14. Recovery of stolen gold ornaments belonging to deceased Shakuntala and her daughter, cash, bloodstained shirt at the instance of the accused, the weapons used for commission of the offence.--The very important circumstance relied on by the prosecution is recovery of stolen gold ornaments, cash, bloodstained shirt of the accused and weapon used for the commission of offence at the instance of the accused. The evidence of P.W. 33-J. Papaiah, Circle Inspector of Police discloses that during the course of investigation, it revealed to him that the accused was visiting the house of the deceased. He thereafter visited Vamanjur and recorded the statements of P.W. 7-Jayantha G.S. and others and thereafter deputed his staff to trace the accused Praveen Kumar in this case who is none other than the son of deceased Appi Sherigarthy's younger brother. The accused was produced before P.W. 33 on 2-3-1994 at about 10.30 p.m. in Mangalore Rural Police Station; he arrested and interrogated him and recorded his statement, the admissible portion of which is marked at Ex. P. 35. Under Ex. P. 35, the accused has stated before the I.O. that he would produce the gold jewellery, a sickle, one whisky bottle, a screwdriver, a shirt and also the receipts of Finance Companies at Uppinangadi and Mangalore if taken to this place.

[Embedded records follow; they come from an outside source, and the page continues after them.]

Lemma not_isomorphic_rho_sigma : ~ isomorphic rho sigma.
Proof.
move=> /isomorphic_sym [G [F [GK [FK G_iff]]]].
have G_inj : injective G by move=> y y' /(f_equal F); rewrite !GK.
have [Ag gA_inj _] := gA_enum; have [Bg gB_inj _] := gB_enum.
have [a1 [Aa1 _]] := enumeration_notin_uncountable W_uncountable gA_enum nil.
have [b1 [Bb1 _]] := enumeration_notin_uncountable W_uncountable gB_enum nil.
have ABa1 : A (G a1) \/ B (G a1).
  apply: (rho_uncountable_class (G \o gA)) => [w w' /G_inj/gA_inj //|w].
  by apply/G_iff; left.
have ABb1 : A (G b1) \/ B (G b1).
  apply: (rho_uncountable_class (G \o gB)) => [w w' /G_inj/gB_inj //|w].
  by apply/G_iff; right; left.
have /G_iff : rho (G a1) (G b1) by left.
exact: not_sigma_A_B Aa1 Bb1.
Qed.

End Partition.

Theorem mainTheorem11
  (W : Set) (lt : W -> W -> Prop) (HW : is_omega1 W lt)
  (A B : W -> Prop) (C : W -> W -> Prop)
  (Hcover : forall x, A x \/ B x \/ exists a, C a x)
  (HAB : forall x, A x -> B x -> False)
  (HAC : forall x a, A x -> C a x -> False)
  (HBC : forall x a, B x -> C a x -> False)
  (HCC : forall x a b, C a x -> C b x -> a = b)
  (HA : equinumerous {x : W | A x} W)
  (HB : equinumerous {x : W | B x} W)
  (HC : forall a, equinumerous {x : W | C a x} nat) :
  let rho := fun x y : W =>
    ((A x \/ B x) /\ (A y \/ B y)) \/ (exists a, C a x /\ C a y) in
  let sigma := fun x y : W =>
    (A x /\ A y) \/ (B x /\ B y) \/ (exists a, C a x /\ C a y) in
  bi_condensable rho sigma /\ Linf_equiv rho sigma /\ ~ isomorphic rho sigma.
Proof.
move=> rho sigma.
have W_uncountable := o1_uncountable _ _ HW.
have [gA gA_enum] := enumeration_of_equinumerous HA.
have [gB gB_enum] := enumeration_of_equinumerous HB.
have [c c_enum] := choice (fun a => enumeration_of_equinumerous (HC a)).
split; [split|split].
- by apply: rho_condenses_sigma; eassumption.
- exact: sigma_condenses_rho.
- apply: Linf_equiv_of_equiv_inf_classes.
  + by apply: rho_equiv_inf_classes; eassumption.
  + by apply: sigma_equiv_inf_classes; eassumption.
- by apply: not_isomorphic_rho_sigma; eassumption.
Qed.
(* Let $a<b$, $0<\epsilon<\min\{1,b-a\}$ and $f\in C^1([a,b])$. Let $\sigma=\tanh$, $\beta=-3\ln(\epsilon)/\epsilon$, $$\rho_\epsilon(x)=\frac{\sigma(\beta(x+\epsilon^2))-\sigma(\beta(x-\epsilon^2))}{2\epsilon^2},\qquad \omega(t)=\sigma\bigl(\beta(t-\max\{a,t-\epsilon\})\bigr)-\sigma\bigl(\beta(t-\min\{b,t+\epsilon\})\bigr).$$ Then for all $t\in[a,b]$ one has $1-\epsilon\le\omega(t)\le2$ and $$\Bigl|\int_a^b f(s)\rho_\epsilon(t-s)\,ds-\omega(t)f(t)\Bigr|\le 20\|f\|_{C^1([a,b])}\,(b-a-\ln\epsilon)\,\epsilon.$$
   Context: $\|f\|_{C^1([a,b])}=\|f\|_{L^\infty([a,b])}+\|f'\|_{L^\infty([a,b])}$. *)

From Stdlib Require Import Reals.
From Coquelicot Require Import Coquelicot.
Open Scope R_scope.

Definition tanh (x : R) : R := (exp x - exp (- x)) / (exp x + exp (- x)).

Definition is_C1_on (a b : R) (f f' : R -> R) : Prop :=
  (forall x, a <= x <= b ->
     filterlim (fun h => (f (x + h) - f x) / h)
       (within (fun h => h <> 0 /\ a <= x + h <= b) (locally 0))
       (locally (f' x))) /\
  (forall x, a <= x <= b ->
     filterlim f' (within (fun y => a <= y <= b) (locally x)) (locally (f' x))).

Definition Linf_norm (a b : R) (g : R -> R) : R :=
  real (Lub_Rbar (fun y => exists x, a <= x <= b /\ y = Rabs (g x))).

Definition C1_norm (a b : R) (f f' : R -> R) : R :=
  Linf_norm a b f + Linf_norm a b f'.

Definition beta_eps (eps : R) : R := - 3 * ln eps / eps.

Definition rho_eps (eps x : R) : R :=
  (tanh (beta_eps eps * (x + eps ^ 2)) - tanh (beta_eps eps * (x - eps ^ 2)))
  / (2 * eps ^ 2).

Definition omega (a b eps t : R) : R :=
  tanh (beta_eps eps * (t - Rmax a (t - eps)))
  - tanh (beta_eps eps * (t - Rmin b (t + eps))).

(* The kernel [rho_eps] is the derivative of
   [Phi x = (G (x + eps^2) - G (x - eps^2)) / (2 eps^2)], [G y = ln (2 cosh (beta y)) / beta],
   so its mass on [[a, b]] is [Phi (t - a) - Phi (t - b)].  By the mean value theorem [Phi x]
   lies between [tanh (beta (x - eps^2))] and [tanh (beta (x + eps^2))], hence within
   [2 beta eps^2 = 6 |ln eps| eps] of [tanh (beta x)]; and [tanh (beta eps) >= 1 - eps], so
   truncating [x] at [eps] costs at most [eps].
   This makes the mass equal to [omega t] up to [O(|ln eps| eps)].  The remaining part
   [int (f s - f t) rho_eps (t - s) ds] is small because [|f s - f t| <= ||f'|| eps] where
   [|t - s| <= eps], while [rho_eps <= 3 eps] where [|t - s| >= eps]. *)

From Stdlib Require Import Reals Lra.
From Coquelicot Require Import Coquelicot.
Open Scope R_scope.

Lemma exp_le_compat x y : x <= y -> exp x <= exp y.
Proof. intros [H | ->]; [left; now apply exp_increasing | right; reflexivity]. Qed.

Lemma tanh_logistic x : tanh x = 1 - 2 / (exp (2 * x) + 1).
Proof.
  unfold tanh.
  assert (E2 : exp (2 * x) = exp x * exp x) by (rewrite <- exp_plus; f_equal; ring).
  rewrite E2, exp_Ropp. pose proof (exp_pos x). field. nra.
Qed.

Lemma tanh_lt_1 x : tanh x < 1.
Proof.
  rewrite tanh_logistic. pose proof (exp_pos (2 * x)).
  assert (0 < 2 / (exp (2 * x) + 1)) by (apply Rdiv_lt_0_compat; lra). lra.
Qed.

Lemma tanh_neg x : tanh (- x) = - tanh x.
Proof.
  unfold tanh. rewrite Ropp_involutive.
  pose proof (exp_pos x). pose proof (exp_pos (- x)). field. lra.
Qed.

Lemma tanh_gt_m1 x : -1 < tanh x.
Proof. pose proof (tanh_lt_1 (- x)). rewrite tanh_neg in H. lra. Qed.

Lemma tanh_le_compat x y : x <= y -> tanh x <= tanh y.
Proof.
  intros Hxy. rewrite !tanh_logistic.
  assert (exp (2 * x) <= exp (2 * y)) by (apply exp_le_compat; lra).
  pose proof (exp_pos (2 * x)).
  assert (2 / (exp (2 * y) + 1) <= 2 / (exp (2 * x) + 1)).
  { apply Rmult_le_compat_l; [lra|]. apply Rinv_le_contravar; lra. }
  lra.
Qed.

Lemma tanh_nonneg x : 0 <= x -> 0 <= tanh x.
Proof.
  intros Hx. replace 0 with (tanh 0) at 1.
  - now apply tanh_le_compat.
  - unfold tanh. rewrite Ropp_0, Rminus_diag. apply Rdiv_0_l.
Qed.

Lemma is_derive_tanh x : is_derive tanh x (1 - tanh x ^ 2).
Proof.
  unfold tanh. pose proof (exp_pos x). pose proof (exp_pos (- x)).
  auto_derive; [lra|]. field. lra.
Qed.

Lemma tanh_sub_le x y : x <= y -> tanh y - tanh x <= y - x.
Proof.
  intros Hxy.
  destruct (MVT_gen tanh x y (fun z => 1 - tanh z ^ 2)) as [c [_ ->]].
  - intros z _. apply is_derive_tanh.
  - intros z _. apply continuity_pt_filterlim, (ex_derive_continuous tanh).
    eexists; apply is_derive_tanh.
  - pose proof (pow2_ge_0 (tanh c)). nra.
Qed.

(* In the variables p = e^{2x}, q = e^{2y} the defect is (p-1)(q-1)(pq-1) / ((p+1)(q+1)(pq+1)). *)
Lemma tanh_plus_le x y : 0 <= x -> 0 <= y -> tanh (x + y) <= tanh x + tanh y.
Proof.
  intros Hx Hy. rewrite !tanh_logistic.
  replace (2 * (x + y)) with (2 * x + 2 * y) by ring. rewrite exp_plus.
  assert (Hp : 1 <= exp (2 * x)) by (rewrite <- exp_0; apply exp_le_compat; lra).
  assert (Hq : 1 <= exp (2 * y)) by (rewrite <- exp_0; apply exp_le_compat; lra).
  set (p := exp (2 * x)) in *. set (q := exp (2 * y)) in *.
  apply Rminus_le_0.
  replace (1 - 2 / (p + 1) + (1 - 2 / (q + 1)) - (1 - 2 / (p * q + 1)))
    with ((p - 1) * (q - 1) * (p * q - 1) / ((p + 1) * (q + 1) * (p * q + 1)))
    by (field; nra).
  apply Rdiv_le_0_compat.
  - apply Rmult_le_pos; [apply Rmult_le_pos|]; nra.
  - assert (0 < p * q) by nra. apply Rmult_lt_0_compat; nra.
Qed.

Lemma one_minus_tanh_le x : 1 - tanh x <= 2 * exp (- (2 * x)).
Proof.
  rewrite tanh_logistic, exp_Ropp. pose proof (exp_pos (2 * x)).
  replace (1 - (1 - 2 / (exp (2 * x) + 1))) with (2 * / (exp (2 * x) + 1)) by (field; lra).
  apply Rmult_le_compat_l; [lra|]. apply Rinv_le_contravar; lra.
Qed.

Definition tanh_primitive (c y : R) : R := ln (exp (c * y) + exp (- (c * y))) / c.

Definition rho_primitive (eps x : R) : R :=
  (tanh_primitive (beta_eps eps) (x + eps ^ 2) - tanh_primitive (beta_eps eps) (x - eps ^ 2))
  / (2 * eps ^ 2).

Lemma tanh_primitive_neg c y : tanh_primitive c (- y) = tanh_primitive c y.
Proof.
  unfold tanh_primitive.
  replace (c * - y) with (- (c * y)) by ring. now rewrite Ropp_involutive, Rplus_comm.
Qed.

Lemma is_derive_tanh_primitive c y : c <> 0 -> is_derive (tanh_primitive c) y (tanh (c * y)).
Proof.
  intros Hc. unfold tanh_primitive, tanh.
  pose proof (exp_pos (c * y)). pose proof (exp_pos (- (c * y))).
  auto_derive; [lra|]. field. lra.
Qed.

Section Kernel.

Variable eps : R.
Hypothesis eps_pos : 0 < eps.
Hypothesis eps_lt_1 : eps < 1.

Local Notation B := (beta_eps eps).
Local Notation L := (- ln eps).

Lemma ln_eps_opp_pos : 0 < L.
Proof. pose proof (ln_increasing eps 1 eps_pos eps_lt_1). rewrite ln_1 in H. lra. Qed.

Lemma exp_ln_eps_opp : exp L = / eps.
Proof. rewrite exp_Ropp, exp_ln; lra. Qed.

Lemma ln_eps_opp_ge : 1 - eps <= L.
Proof. pose proof (exp_ineq1_le (ln eps)). rewrite exp_ln in H; lra. Qed.

Lemma eps_mul_ln_eps_opp_le : eps * L <= 1 - eps.
Proof.
  pose proof (exp_ineq1_le L). rewrite exp_ln_eps_opp in H.
  apply (Rmult_le_compat_l eps) in H; [|lra].
  rewrite Rinv_r in H; lra.
Qed.

Lemma beta_eps_mul_eps : B * eps = 3 * L.
Proof. unfold beta_eps. field. lra. Qed.

Lemma beta_eps_pos : 0 < B.
Proof.
  pose proof ln_eps_opp_pos. apply (Rmult_lt_reg_r eps); [lra|].
  rewrite beta_eps_mul_eps. lra.
Qed.

Lemma tanh_beta_eps_ge : 1 - eps <= tanh (B * eps).
Proof.
  rewrite beta_eps_mul_eps, tanh_logistic. pose proof ln_eps_opp_pos.
  assert (Hu : / eps * / eps <= exp (2 * (3 * L))).
  { rewrite <- exp_ln_eps_opp, <- exp_plus. apply exp_le_compat. lra. }
  set (u := exp (2 * (3 * L))) in *.
  assert (Hv : eps * / eps = 1) by (field; lra).
  assert (0 < / eps) by (apply Rinv_0_lt_compat; lra).
  assert (2 <= eps * (u + 1)) by nra.
  assert (2 / (u + 1) <= eps).
  { apply (Rmult_le_reg_r (u + 1)); [nra|]. unfold Rdiv.
    rewrite Rmult_assoc, Rinv_l by nra. lra. }
  lra.
Qed.

Lemma ln_eps_opp_mul_le_1 : L * (6 * eps - 3) <= 1.
Proof.
  pose proof ln_eps_opp_pos. pose proof eps_mul_ln_eps_opp_le.
  destruct (Rle_dec (6 * eps - 3) 0); [nra|].
  assert (L * (6 * eps - 3) * eps <= (1 - eps) * (6 * eps - 3)) by nra.
  nra.
Qed.

(* [-2 B (eps - eps^2) = L (6 eps - 3) - 3 L], with [e^{-3L} = eps^3] and [L (6 eps - 3) <= 1]. *)
Lemma exp_tail_le : 2 * exp (- (2 * (B * (eps - eps ^ 2)))) <= 6 * eps ^ 3.
Proof.
  replace (- (2 * (B * (eps - eps ^ 2)))) with (L * (6 * eps - 3) + - L + - L + - L)
    by (replace (B * (eps - eps ^ 2)) with (B * eps * (1 - eps)) by ring;
        rewrite beta_eps_mul_eps; ring).
  rewrite !exp_plus, Ropp_involutive, exp_ln by lra.
  assert (exp (L * (6 * eps - 3)) <= 3).
  { eapply Rle_trans; [apply exp_le_compat, ln_eps_opp_mul_le_1 | apply exp_le_3]. }
  assert (0 < eps ^ 3) by (apply pow_lt; lra).
  simpl in *. nra.
Qed.

Lemma rho_nonneg x : 0 <= rho_eps eps x.
Proof.
  unfold rho_eps. pose proof beta_eps_pos. assert (0 < eps ^ 2) by (apply pow_lt; lra).
  apply Rdiv_le_0_compat; [|lra].
  assert (tanh (B * (x - eps ^ 2)) <= tanh (B * (x + eps ^ 2)))
    by (apply tanh_le_compat, Rmult_le_compat_l; lra).
  lra.
Qed.

Lemma rho_neg x : rho_eps eps (- x) = rho_eps eps x.
Proof.
  unfold rho_eps.
  replace (B * (- x + eps ^ 2)) with (- (B * (x - eps ^ 2))) by ring.
  replace (B * (- x - eps ^ 2)) with (- (B * (x + eps ^ 2))) by ring.
  rewrite !tanh_neg. field. lra.
Qed.
(* Let $k\ge3$, $1\le s\le k$, $r\le\min\{n_1,\dots,n_s\}$, $\mathcal A\in\mathbb R^{n_1}\otimes\cdots\otimes\mathbb R^{n_k}$ nonzero, and let $\{U_{[p]}\}$ be generated by the iAPD-ALS algorithm (described in the context). Then the number of columns of the matrices $U^{(i)}_{[p]}$ is eventually constant, equal to some positive integer $t\le r$, and there exists $N_0$ such that $f(U_{[p]})$ is nondecreasing in $p$ for all $p\ge N_0$.
   Context: Notation. $\mathrm V(m,n)=\{U\in\mathbb R^{n\times m}:U^{\mathsf T}U=I_m\}$; $\mathrm B(m,n)$: $n\times m$ real matrices with unit columns. $\mathcal A\tau(\mathbf u_1,\dots,\mathbf u_k)=\langle\mathcal A,\mathbf u_1\otimes\cdots\otimes\mathbf u_k\rangle$; $\mathcal A\tau_i(\mathbf u_1,\dots,\mathbf u_k)\in\mathbb R^{n_i}$ is the contraction of $\mathcal A$ with all $\mathbf u_l$, $l\ne i$. For $U=(U^{(1)},\dots,U^{(k)})$ with columns $\mathbf u^{(i)}_j$, $j\le t$: $f(U)=\sum_j\mathcal A\tau(\mathbf u^{(1)}_j,\dots,\mathbf u^{(k)}_j)^2$. $\operatorname{Polar}(X)$ is the set of $Q\in\mathrm V(m,n)$ maximizing $\langle Q,X\rangle$. iAPD-ALS algorithm (input $\mathcal A$, $r$, $\epsilon>0$). Choose $U_{[0]}\in\mathrm V(r,n_1)\times\cdots\times\mathrm V(r,n_s)\times\mathrm B(r,n_{s+1})\times\cdots\times\mathrm B(r,n_k)$ with $f(U_{[0]})>0$ and $\kappa\in(0,\sqrt{f(U_{[0]})/r})$. For $p=1,2,\dots$ ($t$ = current number of columns, $\mathbf u^{(i)}_{j,[q]}$ = $j$-th column of $U^{(i)}_{[q]}$), let $\mathbf x^i_{j,[p]}=(\mathbf u^{(1)}_{j,[p]},\dots,\mathbf u^{(i-1)}_{j,[p]},\mathbf u^{(i)}_{j,[p-1]},\dots,\mathbf u^{(k)}_{j,[p-1]})$, $\lambda^{i-1}_{j,[p]}=\mathcal A\tau(\mathbf x^i_{j,[p]})$, $\Lambda^{(i)}_{[p]}=\operatorname{diag}(\lambda^{i-1}_{j,[p]})_j$, $V^{(i)}_{[p]}=[\mathcal A\tau_i(\mathbf x^i_{j,[p]})]_j$. (1) For $i=1,\dots,s$ in turn pick $U^{(i)}_{[p]}\in\operatorname{Polar}(V^{(i)}_{[p]}\Lambda^{(i)}_{[p]})$, and if the smallest eigenvalue of $(U^{(i)}_{[p]})^{\mathsf T}V^{(i)}_{[p]}\Lambda^{(i)}_{[p]}$ is $<\epsilon$, instead pick $U^{(i)}_{[p]}\in\operatorname{Polar}(V^{(i)}_{[p]}\Lambda^{(i)}_{[p]}+\epsilon U^{(i)}_{[p-1]})$. (2) Truncation: with $J=\{j:|((U^{(s)}_{[p]})^{\mathsf T}V^{(s)}_{[p]})_{jj}|<\kappa\}$, delete columns in $J$ from $U^{(1)}_{[p]},\dots,U^{(s)}_{[p]}$ and $U^{(s+1)}_{[p-1]},\dots,U^{(k)}_{[p-1]}$ and set $t:=t-|J|$. (3) For $i=s+1,\dots,k$ in turn, $\mathbf u^{(i)}_{j,[p]}=\operatorname{sgn}(\lambda^{i-1}_{j,[p]})\mathcal A\tau_i(\mathbf x^i_{j,[p]})/\|\mathcal A\tau_i(\mathbf x^i_{j,[p]})\|$. Set $U_{[p]}=(U^{(1)}_{[p]},\dots,U^{(k)}_{[p]})$ and iterate indefinitely. *)

From HB Require Import structures.
From mathcomp Require Import all_boot all_order all_algebra.
From mathcomp Require Import reals.
Set Implicit Arguments. Unset Strict Implicit. Unset Printing Implicit Defensive.
Import Order.TTheory GRing.Theory Num.Theory.
Local Open Scope ring_scope.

15. On the next day morning P.W. 33 secured P.W. 10-Dr. Sathish Mallya, C.W. 25-K. Mohandas Shetty and C.W. 28-B.A. Pinto to the Police Station. Then the accused took the police and panchas to Uppinangadi in the police vehicle, on the way the Inspector took P.W. 12-B. Kama Bhat to act as panch. Initially the accused took them to his house from where he led them near a bamboo bush located in a hillock viz., the areca garden belonging to his father. The accused took out a bundle tied in a handkerchief from the said bush and opened the same and on opening the hurdle they found M.Os. 2 to 17 and 19, the gold ornaments and also M.O. 21, the box in which the gold ornaments were kept, M.Os. 15 to 17, the watches which were kept separately in the bundle. P.W. 33 seized them and prepared a panchanama as in Ex. P. 6 in the presence of P.Ws. 10, 12 and others. Thereafter, the accused led them to his house where he produced M.Os. 42 to 44, currency notes totalling Rs. 2,400/-, black vanity bag, full sleeves shirt of the accused respectively. The Circle Inspector seized them under Ex. P. 7 in the presence of the same panchas. Thereafter, according to the prosecution the accused took the I.O. and the panchas to the shop of P.W. 13-Govinda Bhat situate at Uppinangadi. P.W. 13 identified the accused and produced M.O. 18-gold disco chain. M.O. 45-three chits, M.O. 46-bond paper. They were seized under panchanama Ex. P. 8. The seized articles were subjected to Property Forms 42, 43 and 44 of 1994 and thereafter the sample fingerprints of the accused as per Ex. P. 8 was taken at the police station. The I.O. produced the accused before the Jurisdictional Magistrate and obtained police remand for a period of three days.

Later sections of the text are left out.